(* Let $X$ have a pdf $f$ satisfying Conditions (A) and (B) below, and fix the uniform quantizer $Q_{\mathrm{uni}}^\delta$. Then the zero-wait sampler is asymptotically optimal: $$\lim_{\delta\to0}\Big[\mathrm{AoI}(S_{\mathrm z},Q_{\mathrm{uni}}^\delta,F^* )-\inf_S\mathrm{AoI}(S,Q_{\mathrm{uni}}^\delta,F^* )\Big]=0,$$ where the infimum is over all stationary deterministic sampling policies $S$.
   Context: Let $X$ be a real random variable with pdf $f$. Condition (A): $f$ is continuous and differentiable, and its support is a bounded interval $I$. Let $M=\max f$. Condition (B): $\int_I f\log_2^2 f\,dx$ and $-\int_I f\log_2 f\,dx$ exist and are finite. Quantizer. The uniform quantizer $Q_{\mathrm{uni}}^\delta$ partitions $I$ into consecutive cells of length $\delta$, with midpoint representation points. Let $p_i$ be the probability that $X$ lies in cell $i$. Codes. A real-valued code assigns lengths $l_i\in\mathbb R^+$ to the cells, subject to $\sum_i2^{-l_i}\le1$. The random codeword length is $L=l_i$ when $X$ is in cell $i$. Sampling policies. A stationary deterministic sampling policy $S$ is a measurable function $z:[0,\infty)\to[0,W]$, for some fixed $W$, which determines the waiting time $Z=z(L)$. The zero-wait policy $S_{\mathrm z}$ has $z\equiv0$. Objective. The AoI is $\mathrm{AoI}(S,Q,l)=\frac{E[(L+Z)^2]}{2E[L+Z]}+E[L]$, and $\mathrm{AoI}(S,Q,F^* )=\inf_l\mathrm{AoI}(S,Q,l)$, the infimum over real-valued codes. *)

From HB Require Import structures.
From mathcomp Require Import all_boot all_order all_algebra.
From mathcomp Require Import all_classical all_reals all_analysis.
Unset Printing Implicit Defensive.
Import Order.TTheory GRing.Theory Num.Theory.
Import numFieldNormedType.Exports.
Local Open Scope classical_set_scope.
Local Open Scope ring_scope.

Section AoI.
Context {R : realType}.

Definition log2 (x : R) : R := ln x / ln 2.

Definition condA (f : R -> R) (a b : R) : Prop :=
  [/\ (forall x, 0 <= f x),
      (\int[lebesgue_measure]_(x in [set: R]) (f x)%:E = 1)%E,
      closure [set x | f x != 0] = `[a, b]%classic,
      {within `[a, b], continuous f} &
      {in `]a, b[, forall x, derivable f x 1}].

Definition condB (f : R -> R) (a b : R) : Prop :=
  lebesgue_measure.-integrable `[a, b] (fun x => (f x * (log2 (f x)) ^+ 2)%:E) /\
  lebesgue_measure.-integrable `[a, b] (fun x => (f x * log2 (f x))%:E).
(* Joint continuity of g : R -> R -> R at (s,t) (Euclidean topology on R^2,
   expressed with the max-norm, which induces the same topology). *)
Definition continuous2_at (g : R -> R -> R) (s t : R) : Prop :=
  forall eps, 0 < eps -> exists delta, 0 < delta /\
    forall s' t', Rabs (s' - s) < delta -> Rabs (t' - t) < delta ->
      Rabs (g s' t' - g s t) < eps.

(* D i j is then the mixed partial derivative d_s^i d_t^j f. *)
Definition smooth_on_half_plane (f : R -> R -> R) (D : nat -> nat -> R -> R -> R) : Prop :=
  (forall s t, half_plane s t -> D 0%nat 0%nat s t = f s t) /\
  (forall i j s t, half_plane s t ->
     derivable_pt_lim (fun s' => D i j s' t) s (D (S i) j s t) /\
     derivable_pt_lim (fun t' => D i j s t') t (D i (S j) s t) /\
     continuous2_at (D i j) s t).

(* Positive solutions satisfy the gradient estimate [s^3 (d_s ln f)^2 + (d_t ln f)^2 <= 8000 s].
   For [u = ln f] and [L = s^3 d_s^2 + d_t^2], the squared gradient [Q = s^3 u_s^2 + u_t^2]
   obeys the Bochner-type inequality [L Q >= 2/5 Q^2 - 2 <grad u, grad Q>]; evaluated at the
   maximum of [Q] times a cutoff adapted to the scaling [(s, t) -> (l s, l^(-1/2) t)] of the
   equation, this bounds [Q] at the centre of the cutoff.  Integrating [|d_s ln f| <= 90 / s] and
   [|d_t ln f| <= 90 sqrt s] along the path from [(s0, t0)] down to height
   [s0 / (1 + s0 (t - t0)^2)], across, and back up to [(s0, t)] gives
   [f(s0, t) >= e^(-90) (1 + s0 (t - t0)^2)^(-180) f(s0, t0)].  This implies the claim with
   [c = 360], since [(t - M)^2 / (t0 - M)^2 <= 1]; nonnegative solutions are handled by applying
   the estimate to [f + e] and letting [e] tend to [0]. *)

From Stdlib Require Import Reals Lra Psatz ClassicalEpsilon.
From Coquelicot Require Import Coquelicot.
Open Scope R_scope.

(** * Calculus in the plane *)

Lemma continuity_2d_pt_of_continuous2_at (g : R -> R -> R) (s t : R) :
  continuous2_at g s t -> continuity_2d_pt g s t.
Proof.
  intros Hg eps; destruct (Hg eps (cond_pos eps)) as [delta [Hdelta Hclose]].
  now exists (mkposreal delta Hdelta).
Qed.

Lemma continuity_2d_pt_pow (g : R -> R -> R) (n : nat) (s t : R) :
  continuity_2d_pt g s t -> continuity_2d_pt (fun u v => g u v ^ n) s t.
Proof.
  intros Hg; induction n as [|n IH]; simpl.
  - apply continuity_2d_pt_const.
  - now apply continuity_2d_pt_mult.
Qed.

--- EXERCISE DIRECTIONS ---
Your answer must be the full listing, restated word for word.

--- SOLUTION BELOW ---
(* Let $X$ have a pdf $f$ satisfying Conditions (A) and (B) below, and fix the uniform quantizer $Q_{\mathrm{uni}}^\delta$. Then the zero-wait sampler is asymptotically optimal: $$\lim_{\delta\to0}\Big[\mathrm{AoI}(S_{\mathrm z},Q_{\mathrm{uni}}^\delta,F^* )-\inf_S\mathrm{AoI}(S,Q_{\mathrm{uni}}^\delta,F^* )\Big]=0,$$ where the infimum is over all stationary deterministic sampling policies $S$.
   Context: Let $X$ be a real random variable with pdf $f$. Condition (A): $f$ is continuous and differentiable, and its support is a bounded interval $I$. Let $M=\max f$. Condition (B): $\int_I f\log_2^2 f\,dx$ and $-\int_I f\log_2 f\,dx$ exist and are finite. Quantizer. The uniform quantizer $Q_{\mathrm{uni}}^\delta$ partitions $I$ into consecutive cells of length $\delta$, with midpoint representation points. Let $p_i$ be the probability that $X$ lies in cell $i$. Codes. A real-valued code assigns lengths $l_i\in\mathbb R^+$ to the cells, subject to $\sum_i2^{-l_i}\le1$. The random codeword length is $L=l_i$ when $X$ is in cell $i$. Sampling policies. A stationary deterministic sampling policy $S$ is a measurable function $z:[0,\infty)\to[0,W]$, for some fixed $W$, which determines the waiting time $Z=z(L)$. The zero-wait policy $S_{\mathrm z}$ has $z\equiv0$. Objective. The AoI is $\mathrm{AoI}(S,Q,l)=\frac{E[(L+Z)^2]}{2E[L+Z]}+E[L]$, and $\mathrm{AoI}(S,Q,F^* )=\inf_l\mathrm{AoI}(S,Q,l)$, the infimum over real-valued codes. *)

From HB Require Import structures.
From mathcomp Require Import all_boot all_order all_algebra.
From mathcomp Require Import all_classical all_reals all_analysis.
Unset Printing Implicit Defensive.
Import Order.TTheory GRing.Theory Num.Theory.
Import numFieldNormedType.Exports.
Local Open Scope classical_set_scope.
Local Open Scope ring_scope.

Section AoI.
Context {R : realType}.

Definition log2 (x : R) : R := ln x / ln 2.

Definition condA (f : R -> R) (a b : R) : Prop :=
  [/\ (forall x, 0 <= f x),
      (\int[lebesgue_measure]_(x in [set: R]) (f x)%:E = 1)%E,
      closure [set x | f x != 0] = `[a, b]%classic,
      {within `[a, b], continuous f} &
      {in `]a, b[, forall x, derivable f x 1}].

Definition condB (f : R -> R) (a b : R) : Prop :=
  lebesgue_measure.-integrable `[a, b] (fun x => (f x * (log2 (f x)) ^+ 2)%:E) /\
  lebesgue_measure.-integrable `[a, b] (fun x => (f x * log2 (f x))%:E).
(* Joint continuity of g : R -> R -> R at (s,t) (Euclidean topology on R^2,
   expressed with the max-norm, which induces the same topology). *)
Definition continuous2_at (g : R -> R -> R) (s t : R) : Prop :=
  forall eps, 0 < eps -> exists delta, 0 < delta /\
    forall s' t', Rabs (s' - s) < delta -> Rabs (t' - t) < delta ->
      Rabs (g s' t' - g s t) < eps.

(* D i j is then the mixed partial derivative d_s^i d_t^j f. *)
Definition smooth_on_half_plane (f : R -> R -> R) (D : nat -> nat -> R -> R -> R) : Prop :=
  (forall s t, half_plane s t -> D 0%nat 0%nat s t = f s t) /\
  (forall i j s t, half_plane s t ->
     derivable_pt_lim (fun s' => D i j s' t) s (D (S i) j s t) /\
     derivable_pt_lim (fun t' => D i j s t') t (D i (S j) s t) /\
     continuous2_at (D i j) s t).

(* Positive solutions satisfy the gradient estimate [s^3 (d_s ln f)^2 + (d_t ln f)^2 <= 8000 s].
   For [u = ln f] and [L = s^3 d_s^2 + d_t^2], the squared gradient [Q = s^3 u_s^2 + u_t^2]
   obeys the Bochner-type inequality [L Q >= 2/5 Q^2 - 2 <grad u, grad Q>]; evaluated at the
   maximum of [Q] times a cutoff adapted to the scaling [(s, t) -> (l s, l^(-1/2) t)] of the
   equation, this bounds [Q] at the centre of the cutoff.  Integrating [|d_s ln f| <= 90 / s] and
   [|d_t ln f| <= 90 sqrt s] along the path from [(s0, t0)] down to height
   [s0 / (1 + s0 (t - t0)^2)], across, and back up to [(s0, t)] gives
   [f(s0, t) >= e^(-90) (1 + s0 (t - t0)^2)^(-180) f(s0, t0)].  This implies the claim with
   [c = 360], since [(t - M)^2 / (t0 - M)^2 <= 1]; nonnegative solutions are handled by applying
   the estimate to [f + e] and letting [e] tend to [0]. *)

From Stdlib Require Import Reals Lra Psatz ClassicalEpsilon.
From Coquelicot Require Import Coquelicot.
Open Scope R_scope.

(** * Calculus in the plane *)

Lemma continuity_2d_pt_of_continuous2_at (g : R -> R -> R) (s t : R) :
  continuous2_at g s t -> continuity_2d_pt g s t.
Proof.
  intros Hg eps; destruct (Hg eps (cond_pos eps)) as [delta [Hdelta Hclose]].
  now exists (mkposreal delta Hdelta).
Qed.

Lemma continuity_2d_pt_pow (g : R -> R -> R) (n : nat) (s t : R) :
  continuity_2d_pt g s t -> continuity_2d_pt (fun u v => g u v ^ n) s t.
Proof.
  intros Hg; induction n as [|n IH]; simpl.
  - apply continuity_2d_pt_const.
  - now apply continuity_2d_pt_mult.
Qed.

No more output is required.